Tiempo más tarde abuela llegó a mi puerta. Se le habían
acabado las lágrimas pero en su cara aun se notaba el llanto seco. Salvadora llevaba tres días sin aparecer. Raquel y yo nos fuimos a acompañar a la
abuela. A cada tiempo libre salíamos a buscar a Salvadora. Pasaron varias
semanas, cuando Salvadora regresó a casa estaba irreconocible. Su deterioro
físico era asqueante, aun así, la abrazamos. No olvido las pocas clases de
medicina que tomé, Didanosina, un medicamento para el VIH. Era pronosticable,
tantos brindis con jeringas tienen que dejar más huella que unos feos moretones en la piel.
Se recobró bastante, se
desintoxicó un poco menos. En menos de una semana estuvo de vuelta en la calle.
El corazón de abuela no tenía consuelo, los buenos momentos que pasaba no eran suficientes
para aliviar su dolor. La última vez, Salvadora, desapareció por un mes. No
puedo precisar que cosas hizo en ese tiempo, se habla que pasó por cada barra
de los suburbios y que terminó arrastrándose por todas las cunetas. Raquel, la abuela y yo, decidimos salir una
vez más a su rescate, dicen que a la tercera va la vencida. Abrimos la puerta
principal de la casa y no hubo que buscar más.

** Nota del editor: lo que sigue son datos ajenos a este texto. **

(* Let $R$ be a left noetherian domain and let $A=\sigma(R)\langle x_1,\dots,x_n\rangle$ be a quasi-commutative bijective skew PBW extension of $R$. (i) If $f=c\,x^{\alpha}h\in A$, where $c\in R^*$ is a unit of $R$ that is normal in $R$ (i.e. $cR=Rc$), $x^\alpha\in\mathrm{Mon}(A)$, and $h\in Z(A)$ (the center of $A$), then $f$ is normal in $A$. (ii) If $f=c_1x^{\alpha_1}+\cdots+c_tx^{\alpha_t}\in A$ with $c_i\in R\setminus\{0\}$ and pairwise distinct standard monomials $x^{\alpha_1},\dots,x^{\alpha_t}$, and $f$ is normal in $A$, then each $c_i$ is normal in $R$, i.e. $c_iR=Rc_i$ for every $1\le i\le t$.
   Context: Skew PBW extension: a ring $A$ is a skew PBW extension of a ring $R$, written $A=\sigma(R)\langle x_1,\dots,x_n\rangle$, if (1) $R\subseteq A$ is a subring; (2) there are $x_1,\dots,x_n\in A$ such that $A$ is a free left $R$-module with basis $\mathrm{Mon}(A)=\{x^\alpha=x_1^{\alpha_1}\cdots x_n^{\alpha_n}:\alpha\in\mathbb N^n\}$ (the standard monomials); (3) for every $i$ and every $r\in R\setminus\{0\}$ there is $c_{i,r}\in R\setminus\{0\}$ with $x_ir-c_{i,r}x_i\in R$; (4) for every $i,j$ there is $c_{i,j}\in R\setminus\{0\}$ with $x_jx_i-c_{i,j}x_ix_j\in R+Rx_1+\cdots+Rx_n$. For each $i$ there are then an injective ring endomorphism $\sigma_i$ of $R$ and a $\sigma_i$-derivation $\delta_i$ of $R$ with $x_ir=\sigma_i(r)x_i+\delta_i(r)$ for all $r\in R$. $A$ is bijective if every $\sigma_i$ is bijective and every $c_{i,j}$ is invertible. $A$ is quasi-commutative if conditions (3),(4) are replaced by: for every $i$ and $r\in R\setminus\{0\}$ there is $c_{i,r}\in R\setminus\{0\}$ with $x_ir=c_{i,r}x_i$, and for every $i,j$ there is $c_{i,j}\in R\setminus\{0\}$ with $x_jx_i=c_{i,j}x_ix_j$ (so all $\delta_i=0$). Under these hypotheses $A$ is a domain. An element $f$ of a ring $B$ is normal if $Bf=fB$. *)

From HB Require Import structures.
From mathcomp Require Import all_boot all_order all_algebra.
Set Implicit Arguments. Unset Strict Implicit. Unset Printing Implicit Defensive.
Import GRing.Theory.
Local Open Scope ring_scope.

Definition is_unit (R : nzRingType) (c : R) : Prop :=
  exists d : R, c * d = 1 /\ d * c = 1.

(* f is normal in B : B f = f B (equality of the sets {b f} and {f b}). *)
Definition normal_elt (B : nzRingType) (f : B) : Prop :=
  (forall b : B, exists b' : B, b * f = f * b') /\
  (forall b : B, exists b' : B, f * b = b' * f).

Definition central (B : nzRingType) (h : B) : Prop :=
  forall a : B, h * a = a * h.

(* (Noncommutative) domain: no zero divisors (nontriviality is built into nzRingType). *)
Definition domain (R : nzRingType) : Prop :=
  forall a b : R, a * b = 0 -> a = 0 \/ b = 0.

Definition left_ideal (R : nzRingType) (I : R -> Prop) : Prop :=
  [/\ I 0, (forall a b, I a -> I b -> I (a + b)) & (forall r a, I a -> I (r * a))].

Definition left_noetherian (R : nzRingType) : Prop :=
  forall I : nat -> R -> Prop,
    (forall k, left_ideal (I k)) ->
    (forall k a, I k a -> I k.+1 a) ->
    exists N : nat, forall m, (N <= m)%N -> forall a, I m a -> I N a.

Definition exps (n : nat) := {ffun 'I_n -> nat}.

Definition mon (A : nzRingType) (n : nat) (x : 'I_n -> A) (alpha : exps n) : A :=
  \prod_(i < n) x i ^+ alpha i.

(* A is a free left R-module (R embedded via iota) with basis Mon(A). *)
Definition mon_basis (R A : nzRingType) (iota : {rmorphism R -> A})
    (n : nat) (x : 'I_n -> A) : Prop :=
  (forall a : A, exists (s : seq (exps n)) (c : exps n -> R),
      a = \sum_(al <- s) iota (c al) * mon x al) /\
  (forall (s : seq (exps n)) (c : exps n -> R), uniq s ->
      \sum_(al <- s) iota (c al) * mon x al = 0 ->
      forall al, al \in s -> c al = 0).
(* Consider the Heartbeat-Bound Hierarchical Credentials (HBHC) protocol with heartbeat interval $\Delta_h>0$, maximum heartbeat age $W_{\max}>0$, and maximum clock skew $\epsilon \ge 0$ between the parent agent and any verifier. Then the zombie window satisfies $W_z \le W_{\max} + \Delta_h + \epsilon$.
   Context: HBHC setting. Agents form a rooted delegation tree. A parent agent $A_p$ holds a heartbeat signing key pair $(hsk_p, hpk_p)$ (ECDSA); a child $A_c$ holds its own identity key pair $(sk_c, pk_c)$ and a credential $cred_c$ containing $pk_c$, an identifier $id_c$, and a binding value $hb\_binding_c = H(hpk_p \| id_c)$, where $H$ is SHA-256. Heartbeat generation: while not revoked, at time $t$ (by the parent's clock) the parent computes $epoch = \lfloor t/\Delta_h\rfloor$, $commitment = H(hpk_p \| epoch)$, $\sigma_h = \mathrm{Sign}(hsk_p, commitment)$, and distributes $(epoch, commitment, \sigma_h, hpk_p)$ every $\Delta_h$ seconds. Authentication: given a verifier challenge $c$ and a heartbeat, the child outputs the proof $(cred_c, epoch, \sigma_h, \sigma_c)$ with $\sigma_c = \mathrm{Sign}(sk_c, c\|epoch\|\sigma_h)$. Verification: a verifier holding a cached $hpk_p$, the challenge $c$, and local clock reading $t$ computes $current\_epoch = \lfloor t/\Delta_h \rfloor$ and accepts iff (i) $current\_epoch - epoch \le W_{\max}/\Delta_h$, (ii) $\sigma_h$ is a valid signature under $hpk_p$ on $H(hpk_p\|epoch)$, (iii) $cred_c.hb\_binding = H(hpk_p \| cred_c.id)$, and (iv) $\sigma_c$ is a valid signature under $cred_c.pk_c$ on $c\|epoch\|\sigma_h$. Revocation of $A_p$ at true time $t_r$ means the parent generates no heartbeats after $t_r$. Clock skew: a verifier's local clock reads $t+\delta$ at true time $t$ with $|\delta|\le\epsilon$. Adversary: a computationally bounded Dolev–Yao network adversary who may compromise non-root agents' software but cannot break ECDSA/SHA-256 and cannot extract $hsk_p$ (held in a secure enclave), hence cannot produce valid heartbeat signatures for epochs not signed by the parent. Zombie window: $W_z = \sup\{t - t_r : A_p \text{ revoked at } t_r \text{ and a child } A_c \text{ of } A_p \text{ authenticates successfully (is accepted by a verifier) at time } t\}$. *)

From Stdlib Require Import Reals ZArith Lra.
Open Scope R_scope.

(** Floor of a real number: Stdlib's [Int_part] is the integer floor
    (base_Int_part : IZR (Int_part r) <= r /\ IZR (Int_part r) - r > -1). *)
Definition floorR (x : R) : Z := Int_part x.

(** Msg   : bit strings; [app] is concatenation [||]; [H] is SHA-256.
    PK/Sig: ECDSA public keys / signatures; [verify pk m s] : ECDSA verification.
    enc*  : canonical encodings of keys, epochs, identifiers and signatures. *)
Record Crypto := {
  Msg : Type;
  PK : Type;
  Sig : Type;
  ID : Type;
  app : Msg -> Msg -> Msg;
  H : Msg -> Msg;
  encPK : PK -> Msg;
  encEpoch : Z -> Msg;
  encID : ID -> Msg;
  encSig : Sig -> Msg;
  verify : PK -> Msg -> Sig -> Prop
}.

Record Cred (C : Crypto) := {
  cred_pk : PK C;
  cred_id : ID C;
  cred_binding : Msg C
}.

Arguments cred_pk {C}. Arguments cred_id {C}. Arguments cred_binding {C}.

Record AuthProof (C : Crypto) := {
  pf_cred : Cred C;
  pf_epoch : Z;
  pf_sigh : Sig C;
  pf_sigc : Sig C
}.

Arguments pf_cred {C}. Arguments pf_epoch {C}. Arguments pf_sigh {C}. Arguments pf_sigc {C}.

Definition commitment (C : Crypto) (hpk : PK C) (e : Z) : Msg C :=
  H C (app C (encPK C hpk) (encEpoch C e)).

(** Verification: verifier with cached [hpk], challenge [c], local clock
    reading [tloc], heartbeat interval [Dh], maximum heartbeat age [Wmax]. *)
Definition verifier_accepts (C : Crypto) (Dh Wmax : R) (hpk : PK C)
    (c : Msg C) (tloc : R) (p : AuthProof C) : Prop :=
  let current_epoch := floorR (tloc / Dh) in
  let e := pf_epoch p in
  let cr := pf_cred p in
  IZR (current_epoch - e) <= Wmax / Dh /\
  verify C hpk (commitment C hpk e) (pf_sigh p) /\
  cred_binding cr = H C (app C (encPK C hpk) (encID C (cred_id cr))) /\
  verify C (cred_pk cr)
    (app C (app C c (encEpoch C e)) (encSig C (pf_sigh p))) (pf_sigc p).

(** Epochs for which the parent (clock = true time) produced a heartbeat,
    given that it is revoked at true time [tr]: it generates heartbeats only
    at times t <= tr, for the epoch floor(t / Dh). *)
Definition signed_by_parent (Dh tr : R) (e : Z) : Prop :=
  exists tp, tp <= tr /\ floorR (tp / Dh) = e.

(** Adversary assumption (ECDSA/SHA-256 unbroken, hsk_p in an enclave):
    every valid heartbeat signature under hpk on H(hpk || e) is for an epoch
    actually signed by the parent. *)
Definition no_heartbeat_forgery (C : Crypto) (hpk : PK C) (Dh tr : R) : Prop :=
  forall (e : Z) (s : Sig C),
    verify C hpk (commitment C hpk e) s -> signed_by_parent Dh tr e.

(** The zombie window W_z is the supremum of this set. *)
Definition zombie_times (C : Crypto) (Dh Wmax eps : R) (hpk : PK C) (tr : R)
    : R -> Prop :=
  fun x => exists (t delta : R) (c : Msg C) (p : AuthProof C),
    tr <= t /\ Rabs delta <= eps /\
    verifier_accepts C Dh Wmax hpk c (t + delta) p /\
    x = t - tr.

(* An accepted proof carries an epoch e whose heartbeat, since it cannot be
   forged, the parent signed at some time tp <= tr.  The freshness check bounds
   the verifier's epoch minus e by Wmax / Dh; passing from epochs back to
   times loses less than one interval Dh, so the verifier's clock reading is
   below tp + Wmax + Dh, and the true time differs from it by at most eps. *)

From Stdlib Require Import Reals ZArith Lra.
Open Scope R_scope.

Lemma floorR_sub_lt (x y : R) : x - y < IZR (floorR x - floorR y) + 1.
Proof.
  unfold floorR; rewrite minus_IZR.
  destruct (base_Int_part x) as [_ Hx], (base_Int_part y) as [Hy _].
  lra.
Qed.

Lemma epoch_lag_le_time_lag (Dh W u v : R) :
  0 < Dh -> IZR (floorR (u / Dh) - floorR (v / Dh)) <= W / Dh -> u - v < W + Dh.
Proof.
  intros HDh Hlag.
  assert (Hgap : (u - v) / Dh < W / Dh + 1).
  { pose proof (floorR_sub_lt (u / Dh) (v / Dh)). unfold Rdiv in *. lra. }
  apply (Rmult_lt_compat_r Dh) in Hgap; [|exact HDh].
  replace (W + Dh) with ((W / Dh + 1) * Dh) by (field; lra).
  replace (u - v) with ((u - v) / Dh * Dh) by (field; lra).
  exact Hgap.
Qed.

Lemma accepted_epoch_signed (C : Crypto) (Dh Wmax tr tloc : R) (hpk : PK C)
    (c : Msg C) (p : AuthProof C) :
  no_heartbeat_forgery C hpk Dh tr ->
  verifier_accepts C Dh Wmax hpk c tloc p ->
  signed_by_parent Dh tr (pf_epoch p).
Proof. intros Hnf (_ & Hsig & _). exact (Hnf _ _ Hsig). Qed.

Lemma accepted_clock_before (C : Crypto) (Dh Wmax tr tloc : R) (hpk : PK C)
    (c : Msg C) (p : AuthProof C) :
  0 < Dh -> no_heartbeat_forgery C hpk Dh tr ->
  verifier_accepts C Dh Wmax hpk c tloc p ->
  tloc < tr + Wmax + Dh.
Proof.
  intros HDh Hnf Hacc.
  destruct (accepted_epoch_signed _ _ _ _ _ _ _ _ Hnf Hacc) as (tp & Htp & Hep).
  destruct Hacc as [Hfresh _].
  rewrite <- Hep in Hfresh.
  pose proof (epoch_lag_le_time_lag _ _ _ _ HDh Hfresh).
  lra.
Qed.

Theorem theorem1 (C : Crypto) (Dh Wmax eps : R) (hpk : PK C) (tr : R) :
  0 < Dh -> 0 < Wmax -> 0 <= eps ->
  no_heartbeat_forgery C hpk Dh tr ->
  is_upper_bound (zombie_times C Dh Wmax eps hpk tr) (Wmax + Dh + eps).
Proof.
  intros HDh _ _ Hnf x (t & delta & c & p & _ & Hdelta & Hacc & ->).
  pose proof (accepted_clock_before _ _ _ _ _ _ _ _ HDh Hnf Hacc).
  pose proof (Rle_abs (- delta)). rewrite Rabs_Ropp in *.
  lra.
Qed.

Estaba allí sentada sobre el escalón.
No respiraba, no se movía, estaba en su lugar seguro. Había vuelto al
lugar donde siempre fue recibida, amada y salvada. En su mano había un papel apretujado.

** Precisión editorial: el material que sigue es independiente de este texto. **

(** * Counting isomorphism classes *)

Lemma lists_bounded_finite {A : Type} (L : list A) N : exists LL, forall l,
  (length l <= N)%nat -> incl l L -> In l LL.
Proof.
  induction N as [|N [LL IH]].
  - exists [[]]. intros [|x l] Hl _; simpl in *; [auto|lia].
  - exists ([] :: flat_map (fun x => map (cons x) LL) L).
    intros [|x l] Hl Hin; simpl; [auto|right].
    apply in_flat_map. exists x. split; [apply Hin; simpl; auto|].
    apply in_map, IH; [simpl in *; lia|]. eapply incl_cons_inv, Hin.
Qed.

Lemma osize_In_le c l : In c l -> (osize c <= list_sum (map osize l))%nat.
Proof.
  induction l as [|a l IH]; simpl; [tauto|]. intros [<-|Hc]; [lia|].
  specialize (IH Hc); lia.
Qed.

Lemma osize_subtree_le u t : subtree u t -> (osize u <= osize t)%nat.
Proof. induction 1 as [|u c l Hc _ IH]; simpl; [lia|]. pose proof (osize_In_le c l Hc); lia. Qed.

Lemma trees_bounded_finite n : exists L, forall t, (osize t <= n)%nat -> In t L.
Proof.
  induction n as [|n [L IH]].
  - exists []. intros t H. pose proof (osize_pos t); lia.
  - destruct (lists_bounded_finite L n) as [LL HLL].
    exists (map ONode LL). intros [l] H. simpl in H. apply in_map, HLL.
    + enough (length l <= list_sum (map osize l))%nat by lia.
      clear. induction l as [|c l IH]; simpl; auto. pose proof (osize_pos c); lia.
    + intros c Hc. apply IH. pose proof (osize_In_le c l Hc). lia.
Qed.

Lemma noniso_reps_exist (P : otree -> Prop) L : exists s, Forall P s /\
  ForallOrdPairs (fun a b => ~ oiso a b) s /\
  forall t, P t -> (exists u, In u L /\ oiso t u) -> exists u, In u s /\ oiso t u.
Proof.
  induction L as [|b L [s [H1 [H2 H3]]]].
  - exists []. repeat constructor. intros t _ [u [[] _]].
  - destruct (classic (exists t, P t /\ oiso t b /\ ~ exists u, In u s /\ oiso t u))
      as [[t [Pt [Itb Nt]]]|N].
    + exists (t :: s). split; [constructor; auto|split].
      * constructor; auto. apply Forall_forall. intros x Hx Hi. apply Nt; eauto.
      * intros t0 P0 [u [[Hu|Hu] Hi]].
        -- subst u. exists t; split; simpl; eauto using oiso_trans, oiso_sym.
        -- destruct (H3 t0 P0) as [w [Hw Iw]]; eauto. exists w; simpl; auto.
    + exists s. split; [auto|split; [auto|]].
      intros t0 P0 [u [[Hu|Hu] Hi]]; [|apply H3; eauto].
      subst u. apply NNPP. intro Hn. apply N. eauto.
Qed.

Era una nota en la que escribió que nos amaba a todos, que lamentaba mucho
haber sido tan cobarde ante la vida. Que viviésemos tranquilos y felices, que
hicimos todo lo que pudimos por ella. Ah, lo último que escribió fue el rompimiento
de un mito. Su falta de llanto provenía de su fortaleza y de su valentía ante
la muerte, a la cual siempre dijo que no le temía. El punto final de aquella
carta estaba borroso como si una gota lo hubiese mojado.